Is T Min(T, T); always better than const T& Min(const T&, const T&); if sizeof(T) <= sizeof(void*)?

Question 1

I can't say for sure, but given that

template<class T>
const T& Min(const &T a, const T& b)
{
    return a < b ? a : b;
}

..is basically replaced with (lets say for T = bool):

const bool & Min(const bool & a, const bool & b)
{
    return a < b ? a : b;
}

I would say it is a fair assumption that the compiler would pass the bool in the most efficient way possible. I.E, just because we're using & doesn't mean that it has to be passed by reference.

Another couple of ideas: When a function is called, arguments are either pushed onto the stack, or they're passed via a register. The only way that

bool Min(bool a, bool b)
{
    return a < b ? a : b;
}

would be "better"/"faster" than

const bool & Min(const bool & a, const bool & b)
{
    return a < b ? a : b;
}

is if passing a bool was faster than passing a const bool & (Ignoring dereferencing at the start of the function). I can't see this being true, since unless its being pushed onto the stack (depends on your calling convention), registers are all at least the size of a pointer on the host architecture. (I.E, rax is 64-bit, eax is 32-bit)

Further, I presume it would be easier for the compiler to inline, since (just from the function signature) we can be guaranteed that the function never locally modifies the values of a and b, and thus needs no space for them.

For user defined types, there are two cases.

The type fits in a register, and we can treat it just like a basic type.
The type does not fit in a register and must be passed by reference (if we use const & T) or as a copy (if we use just T).

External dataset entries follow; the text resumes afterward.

(* Writing x(Q) = p/q in lowest terms, x([2]Q) = F(p, q) / G(p, q) for binary
   quartic forms F, G depending on f only: d is eliminated with d y^2 = f(x).
   As disc f <> 0, cubic forms combine F and G into constant multiples of p^7
   and q^7, so gcd(F, G) divides a constant and |h_x([2]Q) - 4 h_x(Q)| is
   bounded independently of d.  Tate's telescoping then bounds
   |hhat(Q) - h_x(Q)/2| uniformly in d.  For integral points with x <> x' the
   chord formula writes x(P + P') as a ratio of integers of size
   O(max(|x|, |x'|)^3), the d-dependent term being bounded by d y^2 = f(x);
   hence h_x(P + P') <= 3 max(h_x(P), h_x(P')) + O_f(1). *)

(* [homog [:: c_0; ...; c_n] p q] is the binary form sum_i c_i p^i q^(n-i). *)
Fixpoint homog {R : pzRingType} (s : seq R) (p q : R) : R :=
  if s is c :: s' then c * q ^+ size s' + p * homog s' p q else 0.

Lemma homog_rcons (R : comNzRingType) (s : seq R) (a p q : R) :
  homog (rcons s a) p q = q * homog s p q + a * p ^+ size s.
Proof.
elim: s => [|c s IH] /=; first by rewrite !mulr0 !expr0 !mulr1 addr0 add0r.
by rewrite IH size_rcons !exprS; ring.
Qed.

Lemma horner_homog (R : comNzRingType) (P : {poly R}) (x : R) : P.[x] = homog P x 1.
Proof.
rewrite horner_coef; elim: (polyseq P) => [|c s IH] /=; first by rewrite big_ord0.
rewrite big_ord_recl /= expr1n !mulr1 -IH big_distrr /=; congr (_ + _).
by apply: eq_bigr => i _; rewrite exprS mulrCA.
Qed.

Lemma sum_norm_ge0 (R : numDomainType) (s : seq R) : 0 <= \sum_(c <- s) `|c|.
Proof. by apply: sumr_ge0 => c _. Qed.

Lemma norm_le_sum_norm (R : numDomainType) (s : seq R) (c : R) :
  c \in s -> `|c| <= \sum_(c <- s) `|c|.
Proof.
move=> cs; rewrite (perm_big _ (perm_to_rem cs)) big_cons lerDl.
by apply: sumr_ge0.
Qed.

Lemma norm_homog_le (R : numDomainType) (s : seq R) (p q m : R) :
  `|p| <= m -> `|q| <= m ->
  `|homog s p q| <= (\sum_(c <- s) `|c|) * m ^+ (size s).-1.
Proof.
move=> hp hq; have m0 : 0 <= m := le_trans (normr_ge0 q) hq.
elim: s => [|c s IH]; first by rewrite normr0 big_nil mul0r.
rewrite big_cons /= mulrDl; apply: le_trans (ler_normD _ _) _; apply: lerD.
  by rewrite normrM normrX ler_wpM2l // lerXn2r // nnegrE.
case: s IH => [|c' s] IH /=; first by rewrite mulr0 normr0 big_nil mul0r.
by rewrite normrM exprS mulrCA; apply: ler_pM.
Qed.

Lemma norm_comb_le (R : realDomainType) (u v a b : R) :
  `|u * a + v * b| <= (`|u| + `|v|) * Num.max `|a| `|b|.
Proof.
rewrite mulrDl (le_trans (ler_normD _ _)) // lerD // normrM ler_wpM2l //.
  by rewrite le_max lexx.
by rewrite le_max lexx orbT.
Qed.

Lemma rational_root_bound (s : seq int) (a p q : int) :
  a != 0 -> coprimez p q -> homog (rcons s a) p q = 0 ->
  Num.max `|p| `|q| <= `|a| + \sum_(c <- s) `|c|.
Proof.
move=> a0 cop; rewrite homog_rcons => /eqP; rewrite addrC addr_eq0 => /eqP root.
have S0 := sum_norm_ge0 s; set S : int := \sum_(c <- s) `|c| in S0 *.
have q_dvd_a : (q %| a)%Z.
  have cop' : coprimez q (p ^+ size s) by rewrite coprimezXr // coprimez_sym.
  rewrite -(Gauss_dvdzl _ cop').
  by rewrite root rpredN; apply/dvdz_mulr/dvdzz.
have qa : `|q| <= `|a|.
  case/dvdzP: q_dvd_a a0 => k ->; rewrite mulf_eq0 negb_or => /andP[k0 _].
  by rewrite normrM ler_peMl //; lia.
have [pq|qp] := leP `|p| `|q|; first by lia.
have sz : size s != 0%N.
  apply: contra_neq a0 => /size0nil s0.
  by move: root; rewrite s0 /= mulr0 oppr0 expr0 mulr1.
have hb := norm_homog_le s (lexx `|p|) (ltW qp); rewrite -/S in hb.
have p0 : 0 < `|p| by apply: le_lt_trans qp.
have key : `|a| * `|p| <= `|q| * S.
  rewrite -(ler_pM2r (exprn_gt0 (size s).-1 p0)) -mulrA -exprS prednK ?lt0n //.
  by rewrite -normrX -normrM root normrN normrM -mulrA ler_wpM2l.
have : `|a| * `|p| <= `|a| * S.
  by apply: le_trans key _; rewrite ler_wpM2r.
rewrite ler_pM2l ?normr_gt0 //; lia.
Qed.

Definition ht (x : rat) : int := Num.max `|numq x| (denq x).

Lemma ht_ge1 (x : rat) : 1 <= ht x.
Proof. by rewrite le_max; apply/orP; right; have := denq_gt0 x; lia. Qed.

Lemma ht_int (z : int) : ht z%:~R = Num.max `|z| 1.
Proof. by rewrite /ht numq_int denq_int. Qed.

Lemma max_norm_frac (A B : int) : B != 0 ->
  Num.max `|A| `|B| = gcdz A B * ht (A%:~R / B%:~R).
Proof.
move=> B0; have [eA eB] := valq_frac (x := (A, B)) B0; rewrite fracqE /= in eA eB.
have sgB : `|Num.sg B| = 1 by rewrite normr_sg B0.
have nA : `|A| = gcdz A B * `|numq (A%:~R / B%:~R)|.
  by rewrite {1}eA !normrM sgB mul1r.
have nB : `|B| = gcdz A B * denq (A%:~R / B%:~R).
  by rewrite {1}eB !normrM sgB mul1r (gtr0_norm (denq_gt0 _)).
by rewrite nA nB -maxr_pMr.
Qed.

Lemma ht_frac_le (A B : int) : B != 0 -> ht (A%:~R / B%:~R) <= Num.max `|A| `|B|.
Proof.
move=> B0; rewrite max_norm_frac // ler_peMl ?(le_trans ler01 (ht_ge1 _)) //.
by rewrite lez_nat gcdn_gt0 !absz_gt0 B0 orbT.
Qed.

Lemma ht_frac_ge (A B T : int) : B != 0 -> T != 0 -> (gcdz A B %| T)%Z ->
  Num.max `|A| `|B| <= `|T| * ht (A%:~R / B%:~R).
Proof.
move=> B0 T0 /dvdzP[k eT]; rewrite max_norm_frac // ler_wpM2r ?(le_trans ler01 (ht_ge1 _)) //.
by rewrite eT normrM ler_peMl //; move: T0; rewrite eT mulf_eq0 negb_or => /andP[k0 _]; lia.
Qed.

Lemma ln_intr_ge0 (R : realType) (K : int) : 0 <= ln (K%:~R : R).
Proof.
have [K0|K1] := lerP K 0; first by rewrite ln0 // lerz0.
by rewrite ln_ge0 // ler1z.
Qed.

Lemma ler_ln_intr (R : realType) (X Y : int) : 1 <= X -> X <= Y ->
  ln (X%:~R : R) <= ln (Y%:~R : R).
Proof.
move=> X1 XY; rewrite ler_ln ?ler_int // posrE ltr0z; lia.
Qed.

Lemma ln_intr_le (R : realType) (X Y K : int) : 1 <= X -> 1 <= Y -> X <= K * Y ->
  ln (X%:~R : R) <= ln (K%:~R : R) + ln (Y%:~R : R).
Proof.
move=> X1 Y1 XKY; have K0 : 0 < K by nia.
have pos (n : int) : 0 < n -> (n%:~R : R) \is Num.pos by rewrite posrE ltr0z.
have Y0 : 0 < Y := lt_le_trans ltr01 Y1.
by rewrite -lnM ?pos // -intrM ler_ln ?pos ?ler_int ?mulr_gt0.
Qed.

Lemma ln_intrX (R : realType) (m : int) (n : nat) : 0 < m ->
  ln ((m ^+ n)%:~R : R) = n%:R * ln (m%:~R : R).
Proof. by move=> m0; rewrite rmorphXn lnXn ?mulr_natl // ltr0z. Qed.

Lemma limn_mid_monotone (R : realType) (u v : R^nat) :
  nonincreasing_seq u -> nondecreasing_seq v -> (forall n, v n <= u n) ->
  v 0%N <= limn (fun n => 2^-1 * (u n + v n)) <= u 0%N.
Proof.
move=> u_dec v_inc vu.
have u_cvg : cvgn u.
  apply/cvg_ex; eexists; apply: nonincreasing_cvgn => //.
  by exists (v 0%N) => _ [n _ <-]; exact: le_trans (v_inc _ _ (leq0n n)) (vu n).
have v_cvg : cvgn v.
  apply/cvg_ex; eexists; apply: nondecreasing_cvgn => //.
  by exists (u 0%N) => _ [n _ <-]; exact: le_trans (vu n) (u_dec _ _ (leq0n n)).
have w_cvg : cvgn (fun n => 2^-1 * (u n + v n)).
  exact: is_cvgM (is_cvg_cst _) (is_cvgD u_cvg v_cvg).
apply/andP; split; [apply: (limr_ge w_cvg) | apply: (limr_le w_cvg)]; apply: nearW => n.
  by have := vu n; have := v_inc _ _ (leq0n n); lra.
by have := vu n; have := u_dec _ _ (leq0n n); lra.
Qed.

Lemma tate_limit (R : realType) (r c : R) (a : R^nat) : 1 < r ->
  (forall n, `|a n.+1 - r * a n| <= c) ->
  `|limn (fun n => a n / r ^+ n) - a 0%N| <= c / (r - 1).
Proof.
move=> r1 ha; have hab n : - c <= a n.+1 - r * a n <= c by rewrite -ler_norml.
have r0 : 0 < r by apply: lt_trans r1.
have r1_gt0 : 0 < r - 1 by rewrite subr_gt0.
have [r_neq0 r1_neq0] : r != 0 /\ r - 1 != 0 by rewrite !gt_eqF.
have rn_neq0 n : r ^+ n != 0 by rewrite expf_neq0.
have rn_ge0 n : 0 <= r ^+ n by rewrite exprn_ge0 // ltW.
pose e n := c / (r - 1) / r ^+ n; pose b n := a n / r ^+ n.
have u_dec : nonincreasing_seq (b \+ e).
  apply/nonincreasing_seqP => n /=; rewrite -subr_ge0.
  have -> : b n + e n - (b n.+1 + e n.+1) = (c - (a n.+1 - r * a n)) / r ^+ n.+1.
    by rewrite /b /e exprS; field; rewrite rn_neq0 r_neq0 r1_neq0.
  by rewrite divr_ge0 //; have /andP[] := hab n; lra.
have v_inc : nondecreasing_seq (b \- e).
  apply/nondecreasing_seqP => n /=; rewrite -subr_ge0.
  have -> : b n.+1 - e n.+1 - (b n - e n) = (c + (a n.+1 - r * a n)) / r ^+ n.+1.
    by rewrite /b /e exprS; field; rewrite rn_neq0 r_neq0 r1_neq0.
  by rewrite divr_ge0 //; have /andP[] := hab n; lra.
have c0 : 0 <= c by have /andP[] := hab 0%N; lra.
have e0 n : 0 <= e n by rewrite /e !divr_ge0 // ltW.
have vu n : (b \- e) n <= (b \+ e) n by rewrite /= lerD2l (le_trans _ (e0 n)) // oppr_le0.
have -> : (fun n => a n / r ^+ n) = (fun n => 2^-1 * ((b \+ e) n + (b \- e) n)).
  by apply: funext => n; rewrite /= /b /e; field; rewrite rn_neq0 r1_neq0.
have := limn_mid_monotone u_dec v_inc vu.
by rewrite ler_distl /= /b /e !expr0 !divr1.
Qed.

Lemma cubic_lead_neq0 (f : {poly int}) : size f = 4%N -> f`_3 != 0.
Proof.
move=> sf; have : lead_coef f != 0 by rewrite lead_coef_eq0 -size_poly_eq0 sf.
by rewrite lead_coefE sf.
Qed.

Section Duplication.
Variable f : {poly int}.
Local Notation a0 := f`_0.
Local Notation a1 := f`_1.
Local Notation a2 := f`_2.
Local Notation a3 := f`_3.

Definition cubic_form (p q : int) : int := homog [:: a0; a1; a2; a3] p q.

(* x([2]Q) = dup_num p q / dup_den p q when x(Q) = p/q. *)
Definition dup_num (p q : int) : int :=
  (3 * a3 * p ^+ 2 + 2 * a2 * p * q + a1 * q ^+ 2) ^+ 2
  - (4 * a2 * q + 8 * a3 * p) * cubic_form p q.

Definition dup_den (p q : int) : int := 4 * a3 * q * cubic_form p q.

Definition dup_num_coef : seq int :=
  [:: a1 ^+ 2 - 4 * a0 * a2; - 8 * a0 * a3; - 2 * a1 * a3; 0; a3 ^+ 2].

Definition dup_den_coef : seq int :=
  [:: 4 * a0 * a3; 4 * a1 * a3; 4 * a2 * a3; 4 * a3 ^+ 2; 0].

Lemma dup_numE p q : dup_num p q = homog dup_num_coef p q.
Proof. by rewrite /dup_num /cubic_form /=; ring. Qed.

Lemma dup_denE p q : dup_den p q = homog dup_den_coef p q.
Proof. by rewrite /dup_den /cubic_form /=; ring. Qed.

(* Cubic forms U, V with U F + V G = c q^7 and c' p^7 respectively (F, G the
   duplication forms), found by solving the linear system for their
   coefficients; they certify that F and G have no common zero on P^1. *)
Definition bezout_q_num : seq int := [::
  4 * a1^+2 * a2^+4 - 32 * a1^+3 * a2^+2 * a3 + 64 * a1^+4 * a3^+2
  - 16 * a0 * a2^+5 + 136 * a0 * a1 * a2^+3 * a3
  - 288 * a0 * a1^+2 * a2 * a3^+2 - 108 * a0^+2 * a2^+2 * a3^+2
  + 432 * a0^+2 * a1 * a3^+3;
  - 8 * a1^+2 * a2^+3 * a3 + 32 * a1^+3 * a2 * a3^+2 + 32 * a0 * a2^+4 * a3
  - 144 * a0 * a1 * a2^+2 * a3^+2 + 216 * a0^+2 * a2 * a3^+3;
  - 12 * a1^+2 * a2^+2 * a3^+2 + 48 * a1^+3 * a3^+3 + 48 * a0 * a2^+3 * a3^+2
  - 216 * a0 * a1 * a2 * a3^+3 + 324 * a0^+2 * a3^+4;
  0].

Definition bezout_q_den : seq int := [::
  2 * a1^+3 * a2^+3 - 8 * a1^+4 * a2 * a3 - 8 * a0 * a1 * a2^+4
  + 9 * a0 * a1^+2 * a2^+2 * a3 + 108 * a0 * a1^+3 * a3^+2
  + 108 * a0^+2 * a2^+3 * a3 - 540 * a0^+2 * a1 * a2 * a3^+2
  + 729 * a0^+3 * a3^+3;
  - 5 * a1^+3 * a2^+2 * a3 + 20 * a1^+4 * a3^+2 + 20 * a0 * a1 * a2^+3 * a3
  - 90 * a0 * a1^+2 * a2 * a3^+2 + 135 * a0^+2 * a1 * a3^+3;
  - a1^+2 * a2^+3 * a3 + 4 * a1^+3 * a2 * a3^+2 + 4 * a0 * a2^+4 * a3
  - 18 * a0 * a1 * a2^+2 * a3^+2 + 27 * a0^+2 * a2 * a3^+3;
  3 * a1^+2 * a2^+2 * a3^+2 - 12 * a1^+3 * a3^+3 - 12 * a0 * a2^+3 * a3^+2
  + 54 * a0 * a1 * a2 * a3^+3 - 81 * a0^+2 * a3^+4].

Definition bezout_p_num : seq int := [::
  - 12 * a0 * a1^+5 * a2^+2 * a3 + 48 * a0 * a1^+6 * a3^+2
  + 96 * a0^+2 * a1^+3 * a2^+3 * a3 - 408 * a0^+2 * a1^+4 * a2 * a3^+2
  - 192 * a0^+3 * a1 * a2^+4 * a3 + 768 * a0^+3 * a1^+2 * a2^+2 * a3^+2
  + 708 * a0^+3 * a1^+3 * a3^+3 + 384 * a0^+4 * a2^+3 * a3^+2
  - 3024 * a0^+4 * a1 * a2 * a3^+3 + 2592 * a0^+5 * a3^+4;
  - 12 * a1^+6 * a2^+2 * a3 + 48 * a1^+7 * a3^+2
  + 100 * a0 * a1^+4 * a2^+3 * a3 - 424 * a0 * a1^+5 * a2 * a3^+2
  - 224 * a0^+2 * a1^+2 * a2^+4 * a3 + 912 * a0^+2 * a1^+3 * a2^+2 * a3^+2
  + 676 * a0^+2 * a1^+4 * a3^+3 + 64 * a0^+3 * a2^+5 * a3
  + 64 * a0^+3 * a1 * a2^+3 * a3^+2 - 2988 * a0^+3 * a1^+2 * a2 * a3^+3
  + 432 * a0^+4 * a2^+2 * a3^+3 + 2376 * a0^+4 * a1 * a3^+4;
  - 8 * a1^+5 * a2^+3 * a3 + 32 * a1^+6 * a2 * a3^+2
  + 64 * a0 * a1^+3 * a2^+4 * a3 - 268 * a0 * a1^+4 * a2^+2 * a3^+2
  - 16 * a0 * a1^+5 * a3^+3 - 128 * a0^+2 * a1 * a2^+5 * a3
  + 480 * a0^+2 * a1^+2 * a2^+3 * a3^+2 + 608 * a0^+2 * a1^+3 * a2 * a3^+3
  + 320 * a0^+3 * a2^+4 * a3^+2 - 2304 * a0^+3 * a1 * a2^+2 * a3^+3
  - 108 * a0^+3 * a1^+2 * a3^+4 + 2160 * a0^+4 * a2 * a3^+4;
  4 * a1^+4 * a2^+4 * a3 - 32 * a1^+5 * a2^+2 * a3^+2 + 64 * a1^+6 * a3^+3
  - 32 * a0 * a1^+2 * a2^+5 * a3 + 272 * a0 * a1^+3 * a2^+3 * a3^+2
  - 576 * a0 * a1^+4 * a2 * a3^+3 + 64 * a0^+2 * a2^+6 * a3
  - 576 * a0^+2 * a1 * a2^+4 * a3^+2 + 1080 * a0^+2 * a1^+2 * a2^+2 * a3^+3
  + 864 * a0^+2 * a1^+3 * a3^+4 + 864 * a0^+3 * a2^+3 * a3^+3
  - 3888 * a0^+3 * a1 * a2 * a3^+4 + 2916 * a0^+4 * a3^+5].

Definition bezout_p_den : seq int := [::
  3 * a1^+7 * a2^+2 - 12 * a1^+8 * a3 - 36 * a0 * a1^+5 * a2^+3
  + 150 * a0 * a1^+6 * a2 * a3 + 144 * a0^+2 * a1^+3 * a2^+4
  - 600 * a0^+2 * a1^+4 * a2^+2 * a3 - 177 * a0^+2 * a1^+5 * a3^+2
  - 192 * a0^+3 * a1 * a2^+5 + 672 * a0^+3 * a1^+2 * a2^+3 * a3
  + 1464 * a0^+3 * a1^+3 * a2 * a3^+2 + 384 * a0^+4 * a2^+4 * a3
  - 3024 * a0^+4 * a1 * a2^+2 * a3^+2 - 648 * a0^+4 * a1^+2 * a3^+3
  + 2592 * a0^+5 * a2 * a3^+3;
  - a1^+6 * a2^+3 + 4 * a1^+7 * a2 * a3 + 12 * a0 * a1^+4 * a2^+4
  - 76 * a0 * a1^+5 * a2^+2 * a3 + 104 * a0 * a1^+6 * a3^+2
  - 48 * a0^+2 * a1^+2 * a2^+5 + 416 * a0^+2 * a1^+3 * a2^+3 * a3
  - 857 * a0^+2 * a1^+4 * a2 * a3^+2 + 64 * a0^+3 * a2^+6
  - 704 * a0^+3 * a1 * a2^+4 * a3 + 1464 * a0^+3 * a1^+2 * a2^+2 * a3^+2
  + 1470 * a0^+3 * a1^+3 * a3^+3 + 1200 * a0^+4 * a2^+3 * a3^+2
  - 6264 * a0^+4 * a1 * a2 * a3^+3 + 5184 * a0^+5 * a3^+4;
  - 5 * a1^+6 * a2^+2 * a3 + 20 * a1^+7 * a3^+2 + 44 * a0 * a1^+4 * a2^+3 * a3
  - 186 * a0 * a1^+5 * a2 * a3^+2 - 112 * a0^+2 * a1^+2 * a2^+4 * a3
  + 464 * a0^+2 * a1^+3 * a2^+2 * a3^+2 + 263 * a0^+2 * a1^+4 * a3^+3
  + 64 * a0^+3 * a2^+5 * a3 - 160 * a0^+3 * a1 * a2^+3 * a3^+2
  - 1224 * a0^+3 * a1^+2 * a2 * a3^+3 + 432 * a0^+4 * a2^+2 * a3^+3
  + 864 * a0^+4 * a1 * a3^+4;
  2 * a1^+5 * a2^+3 * a3 - 8 * a1^+6 * a2 * a3^+2
  - 16 * a0 * a1^+3 * a2^+4 * a3 + 67 * a0 * a1^+4 * a2^+2 * a3^+2
  + 4 * a0 * a1^+5 * a3^+3 + 32 * a0^+2 * a1 * a2^+5 * a3
  - 120 * a0^+2 * a1^+2 * a2^+3 * a3^+2 - 152 * a0^+2 * a1^+3 * a2 * a3^+3
  - 80 * a0^+3 * a2^+4 * a3^+2 + 576 * a0^+3 * a1 * a2^+2 * a3^+3
  + 27 * a0^+3 * a1^+2 * a3^+4 - 540 * a0^+4 * a2 * a3^+4].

Since copying a class invokes class constructors, const & T will probably be faster in every case.

But, I'm really just speculating here. To check if there is a difference in bool vs const bool &, the best way would be to check for your specific compiler by outputting assembly and seeing if there is any difference.

HTH.

Question 2

I have seen g++ do this automatically when optimising: it can generate a version of Min taking arguments by value when it can tell that this is more efficient and wouldn't violate the as if rule (which I think basically means small types with trivial copy constructors).

I have no idea what the name of this optimisation is or whether other compilers implement it however.

As an aside, I wonder if you can get the best of both worlds in C++11:

template <typename T, typename U>
constexpr auto Min(T&& l, U&& r) -> decltype(l < r ? l : r)
{
    return l < r ? l : r;
}

If my understanding of "universal references" is correct, this should never be less efficient than using lvalue references as in your example, and possibly more efficient if l or r are rvalues (such as integer literals). As an added bonus, you get to compare things of different types where this makes sense (int vs long or what-have-you).